--- PROMPT ---
Repeat exactly, and only, the lines of the entries below from the one with "Lemma compact_enorm_bounded A" through the one with "move=> M /ltW", both ends included.
DATASET RECORDS START
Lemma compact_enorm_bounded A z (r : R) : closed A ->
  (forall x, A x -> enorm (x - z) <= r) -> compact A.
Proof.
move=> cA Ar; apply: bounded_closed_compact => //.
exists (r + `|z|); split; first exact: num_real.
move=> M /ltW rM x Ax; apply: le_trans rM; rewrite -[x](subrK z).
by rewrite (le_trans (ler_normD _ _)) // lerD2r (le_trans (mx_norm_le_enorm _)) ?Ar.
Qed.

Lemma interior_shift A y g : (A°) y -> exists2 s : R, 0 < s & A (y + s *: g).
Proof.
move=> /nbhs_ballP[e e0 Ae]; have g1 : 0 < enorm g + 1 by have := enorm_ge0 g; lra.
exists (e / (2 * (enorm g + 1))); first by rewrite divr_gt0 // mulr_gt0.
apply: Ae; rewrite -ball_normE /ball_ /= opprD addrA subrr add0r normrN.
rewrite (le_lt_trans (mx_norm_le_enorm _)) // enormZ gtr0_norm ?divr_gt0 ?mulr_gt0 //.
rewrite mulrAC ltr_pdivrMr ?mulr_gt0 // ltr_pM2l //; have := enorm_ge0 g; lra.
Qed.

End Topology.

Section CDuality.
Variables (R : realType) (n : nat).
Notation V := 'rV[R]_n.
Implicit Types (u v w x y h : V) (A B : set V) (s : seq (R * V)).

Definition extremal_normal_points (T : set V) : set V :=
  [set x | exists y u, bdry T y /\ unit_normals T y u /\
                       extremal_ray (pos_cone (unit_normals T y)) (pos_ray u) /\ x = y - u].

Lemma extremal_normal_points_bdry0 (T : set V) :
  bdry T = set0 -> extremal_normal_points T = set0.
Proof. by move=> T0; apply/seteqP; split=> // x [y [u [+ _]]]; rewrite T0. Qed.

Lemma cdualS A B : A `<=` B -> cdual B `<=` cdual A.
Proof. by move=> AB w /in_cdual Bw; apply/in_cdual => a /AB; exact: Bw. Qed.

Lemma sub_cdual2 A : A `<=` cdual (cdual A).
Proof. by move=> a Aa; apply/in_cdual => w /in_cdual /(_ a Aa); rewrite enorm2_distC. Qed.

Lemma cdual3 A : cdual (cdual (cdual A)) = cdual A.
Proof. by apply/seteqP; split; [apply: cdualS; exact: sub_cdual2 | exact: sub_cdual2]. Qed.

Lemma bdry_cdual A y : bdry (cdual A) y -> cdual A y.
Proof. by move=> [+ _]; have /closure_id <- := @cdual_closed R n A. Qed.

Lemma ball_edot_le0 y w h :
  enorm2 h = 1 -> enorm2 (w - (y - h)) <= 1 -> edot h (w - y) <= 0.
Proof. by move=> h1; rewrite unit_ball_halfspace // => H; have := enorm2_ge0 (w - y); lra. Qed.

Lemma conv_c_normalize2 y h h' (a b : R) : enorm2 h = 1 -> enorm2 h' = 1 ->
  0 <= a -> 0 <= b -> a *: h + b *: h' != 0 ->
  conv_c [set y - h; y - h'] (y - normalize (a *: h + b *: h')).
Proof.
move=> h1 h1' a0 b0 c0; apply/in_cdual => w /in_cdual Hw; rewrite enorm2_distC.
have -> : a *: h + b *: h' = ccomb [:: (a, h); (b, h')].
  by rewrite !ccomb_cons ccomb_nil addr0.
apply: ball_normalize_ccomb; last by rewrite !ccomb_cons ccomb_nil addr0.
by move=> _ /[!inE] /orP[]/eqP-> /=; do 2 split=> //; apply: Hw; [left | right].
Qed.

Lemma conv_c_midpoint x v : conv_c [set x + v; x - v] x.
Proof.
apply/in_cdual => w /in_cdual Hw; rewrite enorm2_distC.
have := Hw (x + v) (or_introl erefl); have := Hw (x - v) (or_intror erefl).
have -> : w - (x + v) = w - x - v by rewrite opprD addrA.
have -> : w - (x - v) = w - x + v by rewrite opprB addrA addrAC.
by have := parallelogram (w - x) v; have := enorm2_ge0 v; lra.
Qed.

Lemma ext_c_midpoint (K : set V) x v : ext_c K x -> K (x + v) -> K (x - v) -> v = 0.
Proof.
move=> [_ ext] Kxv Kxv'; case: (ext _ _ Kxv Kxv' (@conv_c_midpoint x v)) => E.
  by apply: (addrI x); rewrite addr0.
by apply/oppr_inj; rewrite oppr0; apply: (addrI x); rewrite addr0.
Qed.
DATASET RECORDS END
DATASET RECORDS START
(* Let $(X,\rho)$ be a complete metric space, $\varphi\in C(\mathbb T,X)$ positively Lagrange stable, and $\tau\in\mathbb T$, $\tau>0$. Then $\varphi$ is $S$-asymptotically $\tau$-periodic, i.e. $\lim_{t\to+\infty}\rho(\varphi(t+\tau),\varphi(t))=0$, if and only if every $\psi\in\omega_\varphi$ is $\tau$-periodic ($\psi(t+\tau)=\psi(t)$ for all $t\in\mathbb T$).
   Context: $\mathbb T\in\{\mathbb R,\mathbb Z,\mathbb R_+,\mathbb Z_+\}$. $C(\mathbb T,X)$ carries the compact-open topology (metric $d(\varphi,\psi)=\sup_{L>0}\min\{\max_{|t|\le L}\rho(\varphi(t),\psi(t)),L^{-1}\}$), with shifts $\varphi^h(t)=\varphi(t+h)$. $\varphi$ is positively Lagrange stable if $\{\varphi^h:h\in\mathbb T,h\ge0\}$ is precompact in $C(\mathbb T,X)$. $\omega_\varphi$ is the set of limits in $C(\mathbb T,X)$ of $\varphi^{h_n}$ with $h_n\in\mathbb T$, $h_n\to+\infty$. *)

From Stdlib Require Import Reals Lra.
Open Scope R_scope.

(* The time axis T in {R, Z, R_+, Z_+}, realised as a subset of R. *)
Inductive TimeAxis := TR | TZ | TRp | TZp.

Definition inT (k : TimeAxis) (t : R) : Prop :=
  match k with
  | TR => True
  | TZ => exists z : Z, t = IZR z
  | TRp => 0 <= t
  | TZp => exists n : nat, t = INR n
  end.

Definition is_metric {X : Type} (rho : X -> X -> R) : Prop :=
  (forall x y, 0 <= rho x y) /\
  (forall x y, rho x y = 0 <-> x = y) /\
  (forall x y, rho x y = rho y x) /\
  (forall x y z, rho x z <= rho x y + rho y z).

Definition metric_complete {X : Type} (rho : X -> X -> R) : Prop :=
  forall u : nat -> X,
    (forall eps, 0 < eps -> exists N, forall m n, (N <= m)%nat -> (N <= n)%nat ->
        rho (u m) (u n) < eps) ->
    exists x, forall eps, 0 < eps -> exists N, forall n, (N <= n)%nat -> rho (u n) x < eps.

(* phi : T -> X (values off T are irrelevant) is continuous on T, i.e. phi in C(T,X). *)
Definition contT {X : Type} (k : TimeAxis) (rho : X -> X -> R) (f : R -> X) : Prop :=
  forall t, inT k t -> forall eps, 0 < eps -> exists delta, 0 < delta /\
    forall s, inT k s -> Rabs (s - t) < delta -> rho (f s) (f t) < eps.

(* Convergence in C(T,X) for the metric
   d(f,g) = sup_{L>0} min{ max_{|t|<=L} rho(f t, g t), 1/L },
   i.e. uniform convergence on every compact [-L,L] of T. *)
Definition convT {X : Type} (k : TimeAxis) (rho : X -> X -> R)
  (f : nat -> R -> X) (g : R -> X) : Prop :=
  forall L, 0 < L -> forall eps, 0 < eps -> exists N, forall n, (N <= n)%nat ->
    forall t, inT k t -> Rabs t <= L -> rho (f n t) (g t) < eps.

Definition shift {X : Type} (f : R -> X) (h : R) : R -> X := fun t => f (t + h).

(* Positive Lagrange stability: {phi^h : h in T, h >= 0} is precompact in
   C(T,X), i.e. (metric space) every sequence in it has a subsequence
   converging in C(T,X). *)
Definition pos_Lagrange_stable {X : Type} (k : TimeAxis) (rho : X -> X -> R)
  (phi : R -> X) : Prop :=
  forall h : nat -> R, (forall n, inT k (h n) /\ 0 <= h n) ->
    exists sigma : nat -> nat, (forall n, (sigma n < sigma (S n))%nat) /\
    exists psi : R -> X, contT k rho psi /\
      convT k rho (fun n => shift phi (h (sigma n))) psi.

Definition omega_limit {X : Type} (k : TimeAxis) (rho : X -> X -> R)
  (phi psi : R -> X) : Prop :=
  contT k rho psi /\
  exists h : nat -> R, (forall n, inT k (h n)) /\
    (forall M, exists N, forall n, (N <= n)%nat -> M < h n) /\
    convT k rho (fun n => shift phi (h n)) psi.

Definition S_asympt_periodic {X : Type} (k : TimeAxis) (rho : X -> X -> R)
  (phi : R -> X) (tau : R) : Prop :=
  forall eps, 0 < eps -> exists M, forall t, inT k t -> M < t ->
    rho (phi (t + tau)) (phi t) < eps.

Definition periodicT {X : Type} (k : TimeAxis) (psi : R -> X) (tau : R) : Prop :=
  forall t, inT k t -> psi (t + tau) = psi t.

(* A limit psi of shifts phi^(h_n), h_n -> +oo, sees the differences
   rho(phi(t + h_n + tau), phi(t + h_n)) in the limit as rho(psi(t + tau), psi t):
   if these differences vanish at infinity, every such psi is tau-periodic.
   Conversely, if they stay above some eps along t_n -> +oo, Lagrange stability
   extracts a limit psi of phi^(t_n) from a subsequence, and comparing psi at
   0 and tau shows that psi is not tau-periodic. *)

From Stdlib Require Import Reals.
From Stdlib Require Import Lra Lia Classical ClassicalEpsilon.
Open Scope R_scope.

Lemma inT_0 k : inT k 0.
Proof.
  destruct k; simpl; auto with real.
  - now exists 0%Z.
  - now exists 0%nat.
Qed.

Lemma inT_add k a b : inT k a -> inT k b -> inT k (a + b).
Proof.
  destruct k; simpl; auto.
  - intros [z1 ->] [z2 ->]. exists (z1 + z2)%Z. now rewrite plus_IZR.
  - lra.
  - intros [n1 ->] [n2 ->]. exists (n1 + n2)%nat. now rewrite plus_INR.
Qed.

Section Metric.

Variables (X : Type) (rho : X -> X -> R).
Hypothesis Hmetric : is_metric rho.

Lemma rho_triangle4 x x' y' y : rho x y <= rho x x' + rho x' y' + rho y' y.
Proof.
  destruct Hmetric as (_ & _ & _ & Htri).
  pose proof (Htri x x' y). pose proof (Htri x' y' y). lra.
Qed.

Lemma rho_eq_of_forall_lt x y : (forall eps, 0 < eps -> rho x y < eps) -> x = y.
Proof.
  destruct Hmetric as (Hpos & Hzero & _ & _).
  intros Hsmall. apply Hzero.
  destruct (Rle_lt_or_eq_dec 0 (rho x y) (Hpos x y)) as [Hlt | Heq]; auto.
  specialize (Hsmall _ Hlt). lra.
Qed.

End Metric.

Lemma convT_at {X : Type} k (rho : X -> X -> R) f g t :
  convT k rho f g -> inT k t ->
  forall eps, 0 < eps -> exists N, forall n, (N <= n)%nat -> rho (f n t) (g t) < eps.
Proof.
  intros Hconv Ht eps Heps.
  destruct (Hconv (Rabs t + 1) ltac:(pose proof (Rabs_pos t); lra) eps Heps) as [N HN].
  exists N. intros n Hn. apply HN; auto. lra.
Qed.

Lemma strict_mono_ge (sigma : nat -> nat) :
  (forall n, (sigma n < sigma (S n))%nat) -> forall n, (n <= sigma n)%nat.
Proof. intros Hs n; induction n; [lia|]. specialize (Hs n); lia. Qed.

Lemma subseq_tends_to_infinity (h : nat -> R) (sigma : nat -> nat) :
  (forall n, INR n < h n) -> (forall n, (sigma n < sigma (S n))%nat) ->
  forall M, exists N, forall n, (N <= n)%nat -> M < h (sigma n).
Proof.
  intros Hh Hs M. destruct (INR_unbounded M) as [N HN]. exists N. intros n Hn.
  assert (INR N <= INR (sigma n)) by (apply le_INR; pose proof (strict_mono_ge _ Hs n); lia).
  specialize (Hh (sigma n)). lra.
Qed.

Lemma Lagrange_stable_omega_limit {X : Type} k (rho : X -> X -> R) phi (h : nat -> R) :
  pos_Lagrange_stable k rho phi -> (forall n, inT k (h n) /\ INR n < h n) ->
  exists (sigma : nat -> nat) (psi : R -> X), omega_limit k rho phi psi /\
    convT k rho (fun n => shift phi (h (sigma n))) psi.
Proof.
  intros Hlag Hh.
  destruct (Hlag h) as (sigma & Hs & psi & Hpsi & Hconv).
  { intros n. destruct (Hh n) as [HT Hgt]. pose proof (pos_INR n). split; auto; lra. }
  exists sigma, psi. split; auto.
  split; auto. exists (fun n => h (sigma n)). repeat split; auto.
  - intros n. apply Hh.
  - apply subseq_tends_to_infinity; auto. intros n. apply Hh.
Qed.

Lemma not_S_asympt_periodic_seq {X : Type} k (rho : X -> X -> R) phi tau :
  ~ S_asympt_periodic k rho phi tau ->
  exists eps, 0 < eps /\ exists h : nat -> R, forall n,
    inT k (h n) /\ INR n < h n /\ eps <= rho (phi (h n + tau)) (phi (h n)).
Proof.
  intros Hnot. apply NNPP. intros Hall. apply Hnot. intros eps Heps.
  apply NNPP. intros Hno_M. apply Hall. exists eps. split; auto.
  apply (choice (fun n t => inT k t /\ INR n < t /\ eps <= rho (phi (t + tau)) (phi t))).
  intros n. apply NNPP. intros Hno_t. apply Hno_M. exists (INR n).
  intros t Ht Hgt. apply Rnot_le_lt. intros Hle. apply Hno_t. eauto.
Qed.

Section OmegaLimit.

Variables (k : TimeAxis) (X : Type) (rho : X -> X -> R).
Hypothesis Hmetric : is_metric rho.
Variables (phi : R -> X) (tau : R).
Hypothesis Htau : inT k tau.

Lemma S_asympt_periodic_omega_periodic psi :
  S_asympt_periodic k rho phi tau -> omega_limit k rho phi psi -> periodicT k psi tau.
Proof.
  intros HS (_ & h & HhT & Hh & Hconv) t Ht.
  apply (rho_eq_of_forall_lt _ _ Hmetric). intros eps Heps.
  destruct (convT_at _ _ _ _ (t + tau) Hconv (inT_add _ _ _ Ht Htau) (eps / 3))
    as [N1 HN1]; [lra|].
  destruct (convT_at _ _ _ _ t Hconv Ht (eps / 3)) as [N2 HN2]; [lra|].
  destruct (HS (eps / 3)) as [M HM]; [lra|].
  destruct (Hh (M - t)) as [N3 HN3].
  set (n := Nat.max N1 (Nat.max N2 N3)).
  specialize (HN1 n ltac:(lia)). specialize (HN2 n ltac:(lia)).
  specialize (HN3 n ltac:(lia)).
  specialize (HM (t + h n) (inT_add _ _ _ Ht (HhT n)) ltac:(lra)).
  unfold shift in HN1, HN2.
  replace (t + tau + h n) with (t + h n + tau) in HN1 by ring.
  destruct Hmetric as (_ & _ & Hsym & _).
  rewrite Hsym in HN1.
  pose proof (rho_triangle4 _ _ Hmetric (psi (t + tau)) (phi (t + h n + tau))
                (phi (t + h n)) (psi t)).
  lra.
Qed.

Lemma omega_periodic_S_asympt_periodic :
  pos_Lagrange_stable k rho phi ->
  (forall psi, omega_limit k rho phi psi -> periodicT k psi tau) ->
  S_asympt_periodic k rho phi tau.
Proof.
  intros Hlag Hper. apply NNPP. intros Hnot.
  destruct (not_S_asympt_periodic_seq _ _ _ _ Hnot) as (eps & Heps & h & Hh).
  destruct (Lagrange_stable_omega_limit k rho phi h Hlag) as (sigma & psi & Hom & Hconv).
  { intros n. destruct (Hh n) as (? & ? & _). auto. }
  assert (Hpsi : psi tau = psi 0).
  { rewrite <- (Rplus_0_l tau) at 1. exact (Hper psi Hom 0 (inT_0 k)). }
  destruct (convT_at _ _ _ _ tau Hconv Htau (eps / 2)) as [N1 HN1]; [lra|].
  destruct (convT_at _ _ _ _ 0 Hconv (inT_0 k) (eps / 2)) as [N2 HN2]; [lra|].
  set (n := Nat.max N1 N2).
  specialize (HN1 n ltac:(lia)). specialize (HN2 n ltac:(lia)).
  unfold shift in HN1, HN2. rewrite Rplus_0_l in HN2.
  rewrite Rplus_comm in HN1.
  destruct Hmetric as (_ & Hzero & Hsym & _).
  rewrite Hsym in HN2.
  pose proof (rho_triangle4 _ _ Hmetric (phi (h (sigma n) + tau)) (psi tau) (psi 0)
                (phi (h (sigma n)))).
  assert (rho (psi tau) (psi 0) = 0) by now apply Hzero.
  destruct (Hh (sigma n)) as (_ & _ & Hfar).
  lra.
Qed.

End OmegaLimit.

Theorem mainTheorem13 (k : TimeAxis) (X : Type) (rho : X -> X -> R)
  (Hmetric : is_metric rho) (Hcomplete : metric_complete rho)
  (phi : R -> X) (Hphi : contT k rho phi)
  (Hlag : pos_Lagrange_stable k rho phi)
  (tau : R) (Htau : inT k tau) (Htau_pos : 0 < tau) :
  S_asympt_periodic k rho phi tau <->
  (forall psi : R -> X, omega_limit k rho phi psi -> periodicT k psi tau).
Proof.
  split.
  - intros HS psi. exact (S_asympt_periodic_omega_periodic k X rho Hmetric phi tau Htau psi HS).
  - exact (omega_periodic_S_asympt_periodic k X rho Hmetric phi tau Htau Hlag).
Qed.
DATASET RECORDS END
--- ANSWER TO THIS TASK ---
Lemma compact_enorm_bounded A z (r : R) : closed A ->
  (forall x, A x -> enorm (x - z) <= r) -> compact A.
Proof.
move=> cA Ar; apply: bounded_closed_compact => //.
exists (r + `|z|); split; first exact: num_real.
move=> M /ltW rM x Ax; apply: le_trans rM; rewrite -[x](subrK z).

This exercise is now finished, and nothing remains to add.